Stored data:
:::

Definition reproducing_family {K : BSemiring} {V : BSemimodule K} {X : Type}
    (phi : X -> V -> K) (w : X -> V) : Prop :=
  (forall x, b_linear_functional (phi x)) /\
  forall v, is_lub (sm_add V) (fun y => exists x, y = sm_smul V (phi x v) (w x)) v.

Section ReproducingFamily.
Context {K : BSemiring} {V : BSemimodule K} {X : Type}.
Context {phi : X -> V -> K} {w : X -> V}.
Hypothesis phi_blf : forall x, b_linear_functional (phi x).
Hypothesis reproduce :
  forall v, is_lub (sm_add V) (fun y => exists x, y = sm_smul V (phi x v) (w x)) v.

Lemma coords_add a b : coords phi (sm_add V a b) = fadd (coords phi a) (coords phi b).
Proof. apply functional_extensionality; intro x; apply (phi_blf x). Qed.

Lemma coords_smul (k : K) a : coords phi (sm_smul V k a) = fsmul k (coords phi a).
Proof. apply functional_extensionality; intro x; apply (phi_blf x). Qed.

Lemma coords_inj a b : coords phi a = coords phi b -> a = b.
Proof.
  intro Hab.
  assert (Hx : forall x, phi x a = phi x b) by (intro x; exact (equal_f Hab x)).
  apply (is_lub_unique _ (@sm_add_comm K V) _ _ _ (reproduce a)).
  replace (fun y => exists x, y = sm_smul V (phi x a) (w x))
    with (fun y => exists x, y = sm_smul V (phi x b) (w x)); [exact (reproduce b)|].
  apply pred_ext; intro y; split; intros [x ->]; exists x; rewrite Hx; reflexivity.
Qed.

:::

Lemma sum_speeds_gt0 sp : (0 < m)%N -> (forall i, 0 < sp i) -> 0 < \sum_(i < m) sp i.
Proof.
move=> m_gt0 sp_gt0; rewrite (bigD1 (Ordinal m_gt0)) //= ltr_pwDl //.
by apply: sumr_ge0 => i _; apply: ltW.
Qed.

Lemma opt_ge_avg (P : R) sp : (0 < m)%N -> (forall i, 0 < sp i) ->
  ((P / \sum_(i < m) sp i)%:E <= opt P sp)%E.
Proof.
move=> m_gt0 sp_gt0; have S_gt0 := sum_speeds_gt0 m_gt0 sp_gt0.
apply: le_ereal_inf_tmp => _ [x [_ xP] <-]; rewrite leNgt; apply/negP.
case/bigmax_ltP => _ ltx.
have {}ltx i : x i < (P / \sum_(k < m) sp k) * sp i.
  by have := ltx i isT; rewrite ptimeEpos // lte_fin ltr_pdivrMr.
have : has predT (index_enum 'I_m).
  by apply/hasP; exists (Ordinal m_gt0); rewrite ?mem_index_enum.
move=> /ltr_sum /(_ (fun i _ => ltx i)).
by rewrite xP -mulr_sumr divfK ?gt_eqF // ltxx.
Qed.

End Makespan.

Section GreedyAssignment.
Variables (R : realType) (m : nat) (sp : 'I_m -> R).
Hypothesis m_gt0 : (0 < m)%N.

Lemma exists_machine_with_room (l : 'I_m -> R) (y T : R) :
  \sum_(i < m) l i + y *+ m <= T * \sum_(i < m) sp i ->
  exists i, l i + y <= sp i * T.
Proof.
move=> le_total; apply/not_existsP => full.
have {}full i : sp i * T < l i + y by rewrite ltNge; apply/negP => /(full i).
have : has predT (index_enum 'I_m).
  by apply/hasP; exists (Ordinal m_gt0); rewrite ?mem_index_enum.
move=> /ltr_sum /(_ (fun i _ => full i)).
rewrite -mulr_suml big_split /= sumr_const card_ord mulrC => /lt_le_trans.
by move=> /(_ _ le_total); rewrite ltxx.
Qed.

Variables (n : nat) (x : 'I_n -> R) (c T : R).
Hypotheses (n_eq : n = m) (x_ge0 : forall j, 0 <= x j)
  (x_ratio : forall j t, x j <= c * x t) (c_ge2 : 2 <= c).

:::

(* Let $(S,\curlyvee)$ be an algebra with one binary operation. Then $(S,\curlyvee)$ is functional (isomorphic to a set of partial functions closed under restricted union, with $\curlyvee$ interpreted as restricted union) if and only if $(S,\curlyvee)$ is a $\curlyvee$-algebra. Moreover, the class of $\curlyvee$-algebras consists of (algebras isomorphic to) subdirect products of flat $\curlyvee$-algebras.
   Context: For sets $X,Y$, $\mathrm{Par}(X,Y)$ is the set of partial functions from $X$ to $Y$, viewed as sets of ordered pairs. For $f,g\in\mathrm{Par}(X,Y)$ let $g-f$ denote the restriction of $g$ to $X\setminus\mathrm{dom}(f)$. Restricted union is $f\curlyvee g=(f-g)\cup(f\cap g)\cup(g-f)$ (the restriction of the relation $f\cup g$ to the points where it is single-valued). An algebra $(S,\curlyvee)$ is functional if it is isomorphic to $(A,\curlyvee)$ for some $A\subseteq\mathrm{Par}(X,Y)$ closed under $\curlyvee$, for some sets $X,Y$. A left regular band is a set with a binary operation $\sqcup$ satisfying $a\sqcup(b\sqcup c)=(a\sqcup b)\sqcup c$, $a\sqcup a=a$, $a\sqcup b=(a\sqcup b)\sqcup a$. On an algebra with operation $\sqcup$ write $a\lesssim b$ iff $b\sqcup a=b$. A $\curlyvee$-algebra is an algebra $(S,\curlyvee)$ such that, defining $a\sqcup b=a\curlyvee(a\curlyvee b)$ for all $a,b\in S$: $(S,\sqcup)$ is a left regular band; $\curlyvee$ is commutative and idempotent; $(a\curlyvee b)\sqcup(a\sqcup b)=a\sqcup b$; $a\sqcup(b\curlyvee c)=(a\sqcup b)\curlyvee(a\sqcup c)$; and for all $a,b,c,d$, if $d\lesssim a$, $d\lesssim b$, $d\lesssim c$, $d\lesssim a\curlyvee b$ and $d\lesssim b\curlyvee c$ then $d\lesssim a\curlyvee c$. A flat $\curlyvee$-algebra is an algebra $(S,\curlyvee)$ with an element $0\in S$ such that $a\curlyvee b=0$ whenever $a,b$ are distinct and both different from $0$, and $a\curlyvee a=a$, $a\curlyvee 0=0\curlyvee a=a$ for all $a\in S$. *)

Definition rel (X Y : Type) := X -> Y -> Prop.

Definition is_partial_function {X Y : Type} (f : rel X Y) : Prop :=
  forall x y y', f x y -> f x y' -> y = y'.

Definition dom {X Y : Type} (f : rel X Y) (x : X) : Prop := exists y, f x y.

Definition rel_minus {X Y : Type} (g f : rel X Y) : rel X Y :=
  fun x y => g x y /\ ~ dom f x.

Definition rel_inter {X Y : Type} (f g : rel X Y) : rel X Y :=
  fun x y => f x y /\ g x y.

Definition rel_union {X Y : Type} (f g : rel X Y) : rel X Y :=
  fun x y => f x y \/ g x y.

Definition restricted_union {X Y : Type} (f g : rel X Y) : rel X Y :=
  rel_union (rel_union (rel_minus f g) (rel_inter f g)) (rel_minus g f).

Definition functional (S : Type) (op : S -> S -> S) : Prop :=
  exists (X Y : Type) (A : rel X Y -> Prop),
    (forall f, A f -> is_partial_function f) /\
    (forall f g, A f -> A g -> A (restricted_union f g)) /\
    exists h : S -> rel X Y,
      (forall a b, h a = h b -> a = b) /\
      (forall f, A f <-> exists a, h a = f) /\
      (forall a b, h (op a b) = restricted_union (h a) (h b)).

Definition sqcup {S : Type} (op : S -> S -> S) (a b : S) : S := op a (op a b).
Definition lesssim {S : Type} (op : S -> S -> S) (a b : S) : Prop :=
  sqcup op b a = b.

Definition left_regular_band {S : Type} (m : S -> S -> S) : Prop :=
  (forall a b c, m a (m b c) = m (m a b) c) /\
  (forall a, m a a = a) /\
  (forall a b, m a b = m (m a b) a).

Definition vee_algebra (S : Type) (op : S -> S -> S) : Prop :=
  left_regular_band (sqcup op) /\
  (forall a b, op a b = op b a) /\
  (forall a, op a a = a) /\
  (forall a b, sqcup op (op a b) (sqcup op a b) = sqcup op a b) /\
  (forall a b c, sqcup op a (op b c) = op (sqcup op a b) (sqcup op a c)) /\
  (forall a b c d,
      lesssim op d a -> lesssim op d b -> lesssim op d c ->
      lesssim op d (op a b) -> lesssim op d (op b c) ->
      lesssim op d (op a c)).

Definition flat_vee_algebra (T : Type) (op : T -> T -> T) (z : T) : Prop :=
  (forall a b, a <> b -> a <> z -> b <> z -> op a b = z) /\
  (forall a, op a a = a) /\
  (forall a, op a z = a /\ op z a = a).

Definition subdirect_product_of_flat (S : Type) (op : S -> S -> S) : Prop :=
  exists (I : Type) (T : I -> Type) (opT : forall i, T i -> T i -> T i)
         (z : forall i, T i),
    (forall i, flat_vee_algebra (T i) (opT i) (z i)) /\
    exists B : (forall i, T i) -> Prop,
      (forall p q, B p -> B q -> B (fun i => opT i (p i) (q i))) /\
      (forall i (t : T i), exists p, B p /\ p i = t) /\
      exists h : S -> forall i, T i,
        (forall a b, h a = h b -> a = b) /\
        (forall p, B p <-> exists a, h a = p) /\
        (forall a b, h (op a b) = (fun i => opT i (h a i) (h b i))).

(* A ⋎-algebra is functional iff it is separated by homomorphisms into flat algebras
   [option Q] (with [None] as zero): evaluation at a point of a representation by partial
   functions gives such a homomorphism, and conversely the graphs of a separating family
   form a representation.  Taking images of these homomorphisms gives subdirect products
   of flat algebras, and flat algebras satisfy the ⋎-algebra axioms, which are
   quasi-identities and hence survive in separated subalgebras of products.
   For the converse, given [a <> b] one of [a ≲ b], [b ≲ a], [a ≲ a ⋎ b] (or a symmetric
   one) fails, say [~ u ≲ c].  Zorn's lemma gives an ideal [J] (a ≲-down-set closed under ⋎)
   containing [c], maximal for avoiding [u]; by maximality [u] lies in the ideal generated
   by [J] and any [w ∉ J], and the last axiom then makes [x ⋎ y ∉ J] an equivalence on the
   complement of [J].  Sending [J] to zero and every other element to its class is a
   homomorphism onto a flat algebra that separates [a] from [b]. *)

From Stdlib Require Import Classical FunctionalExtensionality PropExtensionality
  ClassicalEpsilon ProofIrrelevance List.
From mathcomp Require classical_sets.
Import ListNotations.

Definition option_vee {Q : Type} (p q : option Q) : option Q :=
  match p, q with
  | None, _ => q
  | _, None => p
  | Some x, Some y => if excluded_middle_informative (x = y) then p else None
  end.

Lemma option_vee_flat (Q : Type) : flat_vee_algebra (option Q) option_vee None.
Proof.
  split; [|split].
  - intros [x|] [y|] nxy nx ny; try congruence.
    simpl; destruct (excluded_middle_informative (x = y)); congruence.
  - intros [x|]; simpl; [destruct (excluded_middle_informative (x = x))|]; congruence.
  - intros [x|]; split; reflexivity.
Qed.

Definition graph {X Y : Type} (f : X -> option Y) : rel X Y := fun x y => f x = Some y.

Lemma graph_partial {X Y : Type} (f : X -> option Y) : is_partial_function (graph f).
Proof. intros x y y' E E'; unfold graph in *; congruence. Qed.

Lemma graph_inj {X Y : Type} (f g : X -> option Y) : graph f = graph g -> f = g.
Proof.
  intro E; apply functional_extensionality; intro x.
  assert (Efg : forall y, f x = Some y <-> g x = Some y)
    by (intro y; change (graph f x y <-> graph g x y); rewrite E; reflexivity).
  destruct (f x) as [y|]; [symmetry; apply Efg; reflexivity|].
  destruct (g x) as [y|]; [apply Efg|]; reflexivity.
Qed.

:::

**WHAT YOU NEED TO DO**
Out of the data above, set down the lines from the one with "fun x y => f x y \/ g x y." to the one with "(forall p q, B", both included, exactly as written and with no additions.

**THE ANSWER**
  fun x y => f x y \/ g x y.

Definition restricted_union {X Y : Type} (f g : rel X Y) : rel X Y :=
  rel_union (rel_union (rel_minus f g) (rel_inter f g)) (rel_minus g f).

Definition functional (S : Type) (op : S -> S -> S) : Prop :=
  exists (X Y : Type) (A : rel X Y -> Prop),
    (forall f, A f -> is_partial_function f) /\
    (forall f g, A f -> A g -> A (restricted_union f g)) /\
    exists h : S -> rel X Y,
      (forall a b, h a = h b -> a = b) /\
      (forall f, A f <-> exists a, h a = f) /\
      (forall a b, h (op a b) = restricted_union (h a) (h b)).

Definition sqcup {S : Type} (op : S -> S -> S) (a b : S) : S := op a (op a b).
Definition lesssim {S : Type} (op : S -> S -> S) (a b : S) : Prop :=
  sqcup op b a = b.

Definition left_regular_band {S : Type} (m : S -> S -> S) : Prop :=
  (forall a b c, m a (m b c) = m (m a b) c) /\
  (forall a, m a a = a) /\
  (forall a b, m a b = m (m a b) a).

Definition vee_algebra (S : Type) (op : S -> S -> S) : Prop :=
  left_regular_band (sqcup op) /\
  (forall a b, op a b = op b a) /\
  (forall a, op a a = a) /\
  (forall a b, sqcup op (op a b) (sqcup op a b) = sqcup op a b) /\
  (forall a b c, sqcup op a (op b c) = op (sqcup op a b) (sqcup op a c)) /\
  (forall a b c d,
      lesssim op d a -> lesssim op d b -> lesssim op d c ->
      lesssim op d (op a b) -> lesssim op d (op b c) ->
      lesssim op d (op a c)).

Definition flat_vee_algebra (T : Type) (op : T -> T -> T) (z : T) : Prop :=
  (forall a b, a <> b -> a <> z -> b <> z -> op a b = z) /\
  (forall a, op a a = a) /\
  (forall a, op a z = a /\ op z a = a).

Definition subdirect_product_of_flat (S : Type) (op : S -> S -> S) : Prop :=
  exists (I : Type) (T : I -> Type) (opT : forall i, T i -> T i -> T i)
         (z : forall i, T i),
    (forall i, flat_vee_algebra (T i) (opT i) (z i)) /\
    exists B : (forall i, T i) -> Prop,
      (forall p q, B p -> B q -> B (fun i => opT i (p i) (q i))) /\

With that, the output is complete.